Data records
>>>

Lemma frob_norm_distC A B : frob_norm (A - B) = frob_norm (B - A).
Proof. by rewrite -frob_normN opprB. Qed.

Lemma frob_inner_le_norm A B : frob_inner A B <= frob_norm A * frob_norm B.
Proof.
apply: (le_trans (ler_norm _)); rewrite -sqrtr_sqr -sqrtrM ?frob_inner_ge0 //.
exact/ler_wsqrtr/frob_inner_CauchySchwarz.
Qed.

Lemma ler_frob_normD A B : frob_norm (A + B) <= frob_norm A + frob_norm B.
Proof.
rewrite -(ler_pXn2r (_ : 0 < 2)%N) ?nnegrE ?addr_ge0 ?frob_norm_ge0 //.
rewrite sqrrD !frob_norm_sqr frob_innerDl !frob_innerDr (frob_innerC B A).
by have := frob_inner_le_norm A B; lra.
Qed.

Lemma frob_norm_le_add_dist A B : frob_norm A <= frob_norm B + frob_norm (A - B).
Proof. by have := ler_frob_normD B (A - B); rewrite addrC subrK. Qed.

End FrobeniusNorm.

Lemma frob_inner_mulmx_le (R : realType) m n p (A : 'M[R]_(m, n)) (B : 'M[R]_(n, p)) :
  frob_inner (A *m B) (A *m B) <= frob_inner A A * frob_inner B B.
Proof.
have entry i k : (A *m B) i k * (A *m B) i k <=
    (\sum_j A i j * A i j) * \sum_j B j k * B j k.
  have := frob_inner_CauchySchwarz (row i A) (col k B)^T.
  rewrite !frob_innerE !big_ord1 mxE expr2.
  by under eq_bigr do rewrite !mxE; under [X in _ <= X * _]eq_bigr do rewrite !mxE;
     under [X in _ <= _ * X]eq_bigr do rewrite !mxE.
rewrite !frob_innerE big_distrl /=; apply: ler_sum => i _.
by rewrite [X in _ * X]exchange_big /= mulr_sumr; apply: ler_sum => k _.
Qed.

Lemma ler_frob_norm_mulmx (R : realType) m n p (A : 'M[R]_(m, n)) (B : 'M[R]_(n, p)) :
  frob_norm (A *m B) <= frob_norm A * frob_norm B.
Proof. by rewrite -sqrtrM ?frob_inner_ge0 //; exact/ler_wsqrtr/frob_inner_mulmx_le. Qed.

(** * Functional calculus for symmetric matrices *)

Lemma horner_mx_tr (K : comNzRingType) n (A : 'M[K]_n.+1) (q : {poly K}) :
  A^T = A -> (horner_mx A q)^T = horner_mx A q.
Proof.
move=> AT; elim/poly_ind: q => [|q c IH]; first by rewrite rmorph0 trmx0.
rewrite rmorphD rmorphM /= horner_mx_X horner_mx_C raddfD /= tr_scalar_mx.
rewrite -[_ * A]/(_ *m A) trmx_mul IH AT.
by rewrite (comm_horner_mx q (erefl (A *m A))).
Qed.

Lemma poly_interpolation (K : fieldType) (g : K -> K) (s : seq K) :
  exists p : {poly K}, {in s, forall a, p.[a] = g a}.
Proof.
elim: s => [|a s [p Hp]]; first by exists 0.
have [sa|anotin] := boolP (a \in s).
  by exists p => b; rewrite in_cons => /predU1P[->|]; exact: Hp.
pose w := \prod_(b <- s) ('X - b%:P).
have w0 b : b \in s -> w.[b] = 0.
  move=> bs; rewrite horner_prod; apply/eqP; rewrite prodf_seq_eq0.
  by apply/hasP; exists b; rewrite //= hornerXsubC subrr.
have wa : w.[a] != 0.
  rewrite horner_prod prodf_seq_neq0; apply/allP => b bs /=.
  by rewrite hornerXsubC subr_eq0; apply: contraNneq anotin => ->.
exists (p + ((g a - p.[a]) / w.[a]) *: w) => b; rewrite in_cons hornerD hornerZ.
case/predU1P => [->|bs]; first by rewrite divfK // addrC subrK.
by rewrite (w0 b bs) mulr0 addr0 Hp.
Qed.

Lemma symmetric_mx_spectrum (R : rcfType) n (A : 'M[R]_n.+1) : A^T = A ->
  exists e : 'I_n.+1 -> R,
    (forall q c, (forall i, q.[e i] = c) -> horner_mx A q = c%:M) /\
    (forall q, \tr (horner_mx A q) = \sum_i q.[e i]).
Proof.
move=> AT; pose Ac := map_mx (real_complex R) A.
have Ac_herm : Ac \is hermsymmx.
  apply: realsym_hermsym.
    by rewrite is_hermitianmxE expr0 scale1r map_mx_id // /Ac map_trmx AT.
  by apply/mxOverP => i j; rewrite mxE; apply/complex_realP; eexists.
have /orthomx_spectralP Ac_diag := hermitian_normalmx Ac_herm.
have /mxOverP Dreal := hermitian_spectral_diag_real Ac_herm.
have Uunit := spectral_unit Ac.
set U := spectralmx Ac in Ac_diag Uunit; set D := spectral_diag Ac in Ac_diag Dreal.
exists (fun i => complex.Re (D 0 i)).
have calculus q : map_mx (real_complex R) (horner_mx A q) =
    invmx U *m diag_mx (\row_i (real_complex R q.[complex.Re (D 0 i)])) *m U.
  rewrite map_horner_mx -/Ac Ac_diag horner_mx_uconjC // horner_mx_diag.
  congr (_ *m diag_mx _ *m _); apply/rowP => i; rewrite !mxE.
  by rewrite -[in LHS](RRe_real (Dreal 0 i)) horner_map.
split=> [q c qc|q].
  apply: (@map_mx_inj _ _ (real_complex R)); rewrite calculus map_scalar_mx.
  have -> : \row_i real_complex R q.[complex.Re (D 0 i)] = const_mx (real_complex R c).
    by apply/rowP => i; rewrite !mxE qc.
  by rewrite diag_const_mx mul_mx_scalar -scalemxAl mulVmx // scalemx1.
apply: complexI; rewrite -trace_map_mx calculus mxtrace_mulC mulmxA mulmxV //.
by rewrite mul1mx mxtrace_diag rmorph_sum; apply: eq_bigr => i _; rewrite mxE.
Qed.

(** * Distance to the Stiefel manifold *)

Lemma ortho_defect_tr (R : realType) d r (x : 'M[R]_(d, r)) :
  (ortho_defect x)^T = ortho_defect x.
Proof. by rewrite /ortho_defect raddfB /= trmx_mul trmxK tr_scalar_mx. Qed.

Lemma polar_scalar_bound (R : rcfType) (phi e : R) : phi <= 1 -> - phi <= e ->
  (Num.sqrt (1 + e) - 1) ^+ 2 * (1 + Num.sqrt (1 - phi)) ^+ 2 <= e ^+ 2.
Proof.
move=> phi1 ephi.
have s2 : Num.sqrt (1 + e) ^+ 2 = 1 + e by rewrite sqr_sqrtr //; lra.
have t0 := sqrtr_ge0 (1 - phi).
have ts : Num.sqrt (1 - phi) <= Num.sqrt (1 + e) by apply: ler_wsqrtr; lra.
move: s2 t0 ts; set s := Num.sqrt (1 + e); set t := Num.sqrt (1 - phi) => s2 t0 ts.
have -> : e ^+ 2 = (s - 1) ^+ 2 * (s + 1) ^+ 2.
  by rewrite -exprMn -subr_sqr s2 expr1n addrAC subrr add0r.
by rewrite ler_wpM2l ?sqr_ge0 // ler_sqr ?nnegrE; lra.
Qed.

(* The witness is [x P] with [P = (x^T x)^-1/2], realised as a polynomial in the
   defect that interpolates [t |-> (1 + t)^-1/2] on its spectrum. *)
Lemma polar_projection (R : realType) d r (x : 'M[R]_(d, r)) :
  frob_norm (ortho_defect x) < 1 ->
  exists y : 'M[R]_(d, r), ortho_defect y = 0 /\
    frob_norm (x - y) * (1 + Num.sqrt (1 - frob_norm (ortho_defect x)))
      <= frob_norm (ortho_defect x).
Proof.
case: r x => [|r] x.
  by exists x; split; [exact: flatmx0 | rewrite subrr frob_norm0 mul0r frob_norm_ge0].
set Phi := ortho_defect x; set phi := frob_norm Phi => phi1.
have [e [e_const e_tr]] := symmetric_mx_spectrum (ortho_defect_tr x).
have e_sqr : \sum_i e i ^+ 2 = phi ^+ 2.
  under eq_bigr do rewrite -hornerXn.
  by rewrite -e_tr rmorphXn /= horner_mx_X frob_norm_sqr /frob_inner ortho_defect_tr.
have e_ge i : - phi <= e i.
  have : e i ^+ 2 <= phi ^+ 2.
    rewrite -e_sqr (bigD1 i) //= lerDl; apply: sumr_ge0 => j _; exact: sqr_ge0.
  by have : 0 <= phi := frob_norm_ge0 _; nra.
pose g t : R := (Num.sqrt (1 + t))^-1.
have [p p_e] := poly_interpolation g [seq e i | i <- index_enum 'I_r.+1].
have {}p_e i : p.[e i] = g (e i) by apply: p_e; exact/map_f/mem_index_enum.
have xTx : x^T *m x = horner_mx Phi (1 + 'X).
  by rewrite rmorphD rmorph1 /= horner_mx_X /Phi /ortho_defect addrC subrK.
have gram q q' : (x *m horner_mx Phi q)^T *m (x *m horner_mx Phi q') =
    horner_mx Phi (q * (1 + 'X) * q').
  rewrite trmx_mul horner_mx_tr ?ortho_defect_tr // -mulmxA (mulmxA x^T) xTx mulmxA.
  by rewrite -[_ *m _ *m _]/(_ * _ * _) -!rmorphM.
have sqrt_e i : Num.sqrt (1 + e i) ^+ 2 = 1 + e i /\ Num.sqrt (1 + e i) != 0.
  by rewrite sqr_sqrtr ?sqrtr_eq0 -?ltNge; have := e_ge i; lra.
exists (x *m horner_mx Phi p); split.
  rewrite /ortho_defect gram (e_const _ 1) ?subrr // => i.
  have [] := sqrt_e i; rewrite !hornerE p_e /g; set s := Num.sqrt _ => s2 s0.
  by rewrite -s2; field.
have -> : x - x *m horner_mx Phi p = x *m horner_mx Phi (1 - p).
  by rewrite rmorphB rmorph1 mulmxBr mulmx1.
have dist_sqr : frob_norm (x *m horner_mx Phi (1 - p)) ^+ 2 =
    \sum_i (Num.sqrt (1 + e i) - 1) ^+ 2.
  rewrite frob_norm_sqr /frob_inner mxtrace_mulC gram e_tr.
  apply: eq_bigr => i _; have [] := sqrt_e i; rewrite !hornerE p_e /g.
  by set s := Num.sqrt _ => s2 s0; rewrite -s2; field.
rewrite -(ler_pXn2r (_ : 0 < 2)%N) ?nnegrE ?mulr_ge0 ?frob_norm_ge0 ?addr_ge0 ?sqrtr_ge0 //.
rewrite exprMn dist_sqr -e_sqr mulr_suml; apply: ler_sum => i _.
by apply: polar_scalar_bound; [exact: ltW | exact: e_ge].
Qed.

Lemma msym_tr (R : realType) m (A : 'M[R]_m) : (msym A)^T = msym A.
Proof. by rewrite /msym linearZ /= raddfD /= trmxK addrC. Qed.

Lemma mskew_tr (R : realType) m (A : 'M[R]_m) : (mskew A)^T = - mskew A.
Proof. by rewrite /mskew linearZ /= raddfB /= trmxK -scalerN opprB. Qed.

Lemma frob_inner_skew_sym (R : realType) m (A B : 'M[R]_m) :
  A^T = - A -> B^T = B -> frob_inner A B = 0.
Proof.
move=> AT BT; apply/eqP; rewrite -[_ == 0](mulrn_eq0 _ 2) mulr2n.
by rewrite addr_eq0 -{1}frob_inner_tr AT BT frob_innerNl.
Qed.

Lemma frob_norm_sym_le (R : realType) m (A B : 'M[R]_m) :
  A^T = - A -> B^T = B -> frob_norm B <= frob_norm (A + B).
Proof.
move=> AT BT; apply: ler_wsqrtr.
rewrite frob_innerDl !frob_innerDr (frob_innerC B A) (frob_inner_skew_sym AT BT).
by rewrite addr0 add0r lerDr frob_inner_ge0.
Qed.

Section NearlyOrthonormal.
Variables (R : realType) (d r : nat) (x : 'M[R]_(d, r)).
Let phi := frob_norm (ortho_defect x).

Lemma frob_norm_mulmx_le p (A : 'M[R]_(r, p)) :
  frob_norm (x *m A) <= Num.sqrt (1 + phi) * frob_norm A.
Proof.
have phi0 : 0 <= phi := frob_norm_ge0 _.
rewrite -(ler_pXn2r (_ : 0 < 2)%N) ?nnegrE ?mulr_ge0 ?frob_norm_ge0 ?sqrtr_ge0 //.
rewrite exprMn !frob_norm_sqr sqr_sqrtr ?addr_ge0 // frob_inner_mull mulmxA.
rewrite -[x^T *m x](subrK 1%:M) mulmxDl mul1mx frob_innerDr -/(ortho_defect x).
have := frob_inner_le_norm (ortho_defect x *m A) A.
have := ler_frob_norm_mulmx (ortho_defect x) A.
rewrite -/phi -frob_norm_sqr frob_innerC; have := frob_norm_ge0 A; nra.
Qed.

Lemma frob_norm_trmx_mulmx_le p (B : 'M[R]_(d, p)) :
  frob_norm (x^T *m B) <= Num.sqrt (1 + phi) * frob_norm B.
Proof.
set M := x^T *m B; have [M0|Mpos] := eqVneq (frob_norm M) 0.
  by rewrite M0 mulr_ge0 ?sqrtr_ge0 ?frob_norm_ge0.
rewrite -(ler_pM2l (_ : 0 < frob_norm M)); last by rewrite lt0r Mpos frob_norm_ge0.
rewrite -expr2 frob_norm_sqr {1}/M frob_inner_mull trmxK.
apply: (le_trans (frob_inner_le_norm _ _)); rewrite mulrCA mulrC mulrA.
by rewrite ler_wpM2r ?frob_norm_ge0 ?frob_norm_mulmx_le.
Qed.

Lemma trmx_mul_LambdaF lam (G : 'M[R]_(d, r) -> 'M[R]_(d, r)) :
  x^T *m LambdaF lam G x =
  x^T *m rgrad G x + lam *: (ortho_defect x *m ortho_defect x + ortho_defect x).
Proof.
rewrite /LambdaF mulmxDr -scalemxAr (mulmxA x^T x) -[x^T *m x](subrK 1%:M).
by rewrite -/(ortho_defect x) mulmxDl mul1mx.
Qed.

Lemma trmx_mul_rgrad_skew (G : 'M[R]_(d, r) -> 'M[R]_(d, r)) :
  (x^T *m rgrad G x)^T = - (x^T *m rgrad G x).
Proof. by rewrite /rgrad !trmx_mul trmxK mskew_tr mulmxN mulNmx mulmxA. Qed.
(* Let $n$ be a security parameter and $F\colon\{0,1\}^{\tilde n}\to\{0,1\}^m$ a function. Fix a 2-universal family $\mathcal{G}=\{g\colon\{0,1\}^{\tilde n}\to\{0,1\}^\ell\}$ and define $F'(x,g)=(F(x),g,g(x))$ on $\{0,1\}^{\tilde n}\times\mathcal{G}$. Then: (i) if $F^{-1}$ has real max-entropy at most $k$, then $(F')^{-1}$ has real max-entropy at most $\max\{k-\ell+s,0\}$ for any $s=\omega(\log n)$; (ii) if $F^{-1}$ has $p$-accessible max-entropy at most $k$, then $(F')^{-1}$ has $(p+2^{-\Omega(s)})$-accessible max-entropy at most $\max\{k-\ell+s,0\}$ for any $s$.
   Context: $\mathcal{G}$ is 2-universal if for every $x\ne x'$, $\Pr_g[g(x)=g(x')]\le2^{-\ell}$ for $g$ uniform in $\mathcal{G}$. For a function $G$ with domain $\mathcal{D}$ and $X$ uniform on $\mathcal{D}$: $G^{-1}$ has real max-entropy at most $k$ if there is a negligible $\varepsilon(n)$ with $\Pr_x[\log|G^{-1}(G(x))|\le k]\ge1-\varepsilon(n)$. A $G$-collision-finder is a randomized algorithm $A$ with $A(x;r)\in G^{-1}(G(x))$ for all $x,r$; $R$ denotes uniform coins. $G^{-1}$ has $p$-accessible max-entropy at most $k$ if for every probabilistic polynomial-time $G$-collision-finder $A$ there are sets $\{\mathcal{L}(x)\}$, each of size at most $2^k$, with $x\in\mathcal{L}(x)$, such that $\Pr[A(X;R)\in\mathcal{L}(X)]\ge1-p$ for all sufficiently large $n$. *)

From Stdlib Require Import Reals.
From mathcomp Require Import all_boot.

Set Implicit Arguments.
Unset Strict Implicit.
Unset Printing Implicit Defensive.

Local Open Scope R_scope.

Notation bits k := (k.-tuple bool).

Definition prodF (X Y : nat -> finType) : nat -> finType :=
  fun n => (X n * Y n)%type.

Definition Rleb (x y : R) : bool := if Rle_dec x y then true else false.

Definition prob (T : finType) (P : pred T) : R :=
  (INR #|[set x | P x]| / INR #|T|).

Definition log2 (x : R) : R := (ln x / ln 2).

Definition negligible (eps : nat -> R) : Prop :=
  forall c : nat, exists N : nat, forall n : nat, (N <= n)%N ->
    (Rabs (eps n) <= / (INR n ^ c)).

Definition omega_log (s : nat -> R) : Prop :=
  forall c : R, (0 < c) -> exists N : nat, forall n : nat, (N <= n)%N ->
    (c * ln (INR n) <= s n).

Definition preimg (A B : finType) (G : A -> B) (x : A) : {set A} :=
  [set x' | G x' == G x].

Definition real_maxent_le (X Y : nat -> finType) (G : forall n, X n -> Y n)
    (k : nat -> R) : Prop :=
  exists eps : nat -> R, negligible eps /\
    forall n : nat,
      (1 - eps n <= prob (fun x : X n => Rleb (log2 (INR #|preimg (G n) x|)) (k n))).

(* randomized algorithms (one per security parameter n), with input and
   output in X n and uniform coins from the finite set coins n *)
Record alg (X : nat -> finType) := Alg {
  coins : nat -> finType;
  run : forall n, X n -> coins n -> X n }.
Arguments coins {X} a n.
Arguments run {X} a n x r.

(* G-collision-finder: A(x;r) in G^{-1}(G(x)) for all x, r (coin space
   nonempty so that uniform coins R make sense) *)
Definition collision_finder (X Y : nat -> finType) (G : forall n, X n -> Y n)
    (A : alg X) : Prop :=
  (forall n, (0 < #|coins A n|)%N) /\
  forall n (x : X n) (r : coins A n), G n (run A n x r) = G n x.

Definition effClass := forall X : nat -> finType, alg X -> Prop.

Definition acc_maxent_le (X Y : nat -> finType) (G : forall n, X n -> Y n)
    (Eff : effClass) (p k : nat -> R) : Prop :=
  forall A : alg X, Eff X A -> collision_finder G A ->
    exists L : forall n, X n -> {set X n},
      (forall n (x : X n), (INR #|L n x| <= Rpower 2 (k n)) /\ x \in L n x) /\
      exists N : nat, forall n : nat, (N <= n)%N ->
        (1 - p n <= prob (fun xr : (X n * coins A n)%type =>
                             run A n xr.1 xr.2 \in L n xr.1)).

(* 2-universal family: descriptions d in D n, evaluated by ev n d *)
Definition two_universal (nt l : nat -> nat) (D : nat -> finType)
    (ev : forall n, D n -> bits (nt n) -> bits (l n)) : Prop :=
  forall n (x x' : bits (nt n)), x != x' ->
    (prob (fun d : D n => ev n d x == ev n d x') <= / (2 ^ l n)).

Definition Fprime (nt m l : nat -> nat) (D : nat -> finType)
    (F : forall n, bits (nt n) -> bits (m n))
    (ev : forall n, D n -> bits (nt n) -> bits (l n)) :
    forall n, prodF (fun n => bits (nt n)) D n ->
              prodF (prodF (fun n => bits (m n)) D) (fun n => bits (l n)) n :=
  fun n xg => (F n xg.1, xg.2, ev n xg.2 xg.1).

(* the algorithm that samples g uniformly from D n (as part of its coins),
   runs A' on (x, g) and outputs the first component *)
Definition sample_and_project (X D : nat -> finType) (A' : alg (prodF X D)) : alg X :=
  @Alg X (prodF D (coins A'))
    (fun n x gr => (run A' n (x, gr.1) gr.2).1).

From Stdlib Require Import Reals Lra.
From mathcomp Require Import all_boot.

Set Implicit Arguments.
Unset Strict Implicit.
Unset Printing Implicit Defensive.
Local Open Scope R_scope.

<<<

__Task details__. Please output exactly the lines between the one holding "Lemma ler_frob_norm_mulmx (R" and the one holding "rewrite rmorphD rmorphM" in the records above, inclusive, and nothing more.

__Answer to this exercise__.
Lemma ler_frob_norm_mulmx (R : realType) m n p (A : 'M[R]_(m, n)) (B : 'M[R]_(n, p)) :
  frob_norm (A *m B) <= frob_norm A * frob_norm B.
Proof. by rewrite -sqrtrM ?frob_inner_ge0 //; exact/ler_wsqrtr/frob_inner_mulmx_le. Qed.

(** * Functional calculus for symmetric matrices *)

Lemma horner_mx_tr (K : comNzRingType) n (A : 'M[K]_n.+1) (q : {poly K}) :
  A^T = A -> (horner_mx A q)^T = horner_mx A q.
Proof.
move=> AT; elim/poly_ind: q => [|q c IH]; first by rewrite rmorph0 trmx0.
rewrite rmorphD rmorphM /= horner_mx_X horner_mx_C raddfD /= tr_scalar_mx.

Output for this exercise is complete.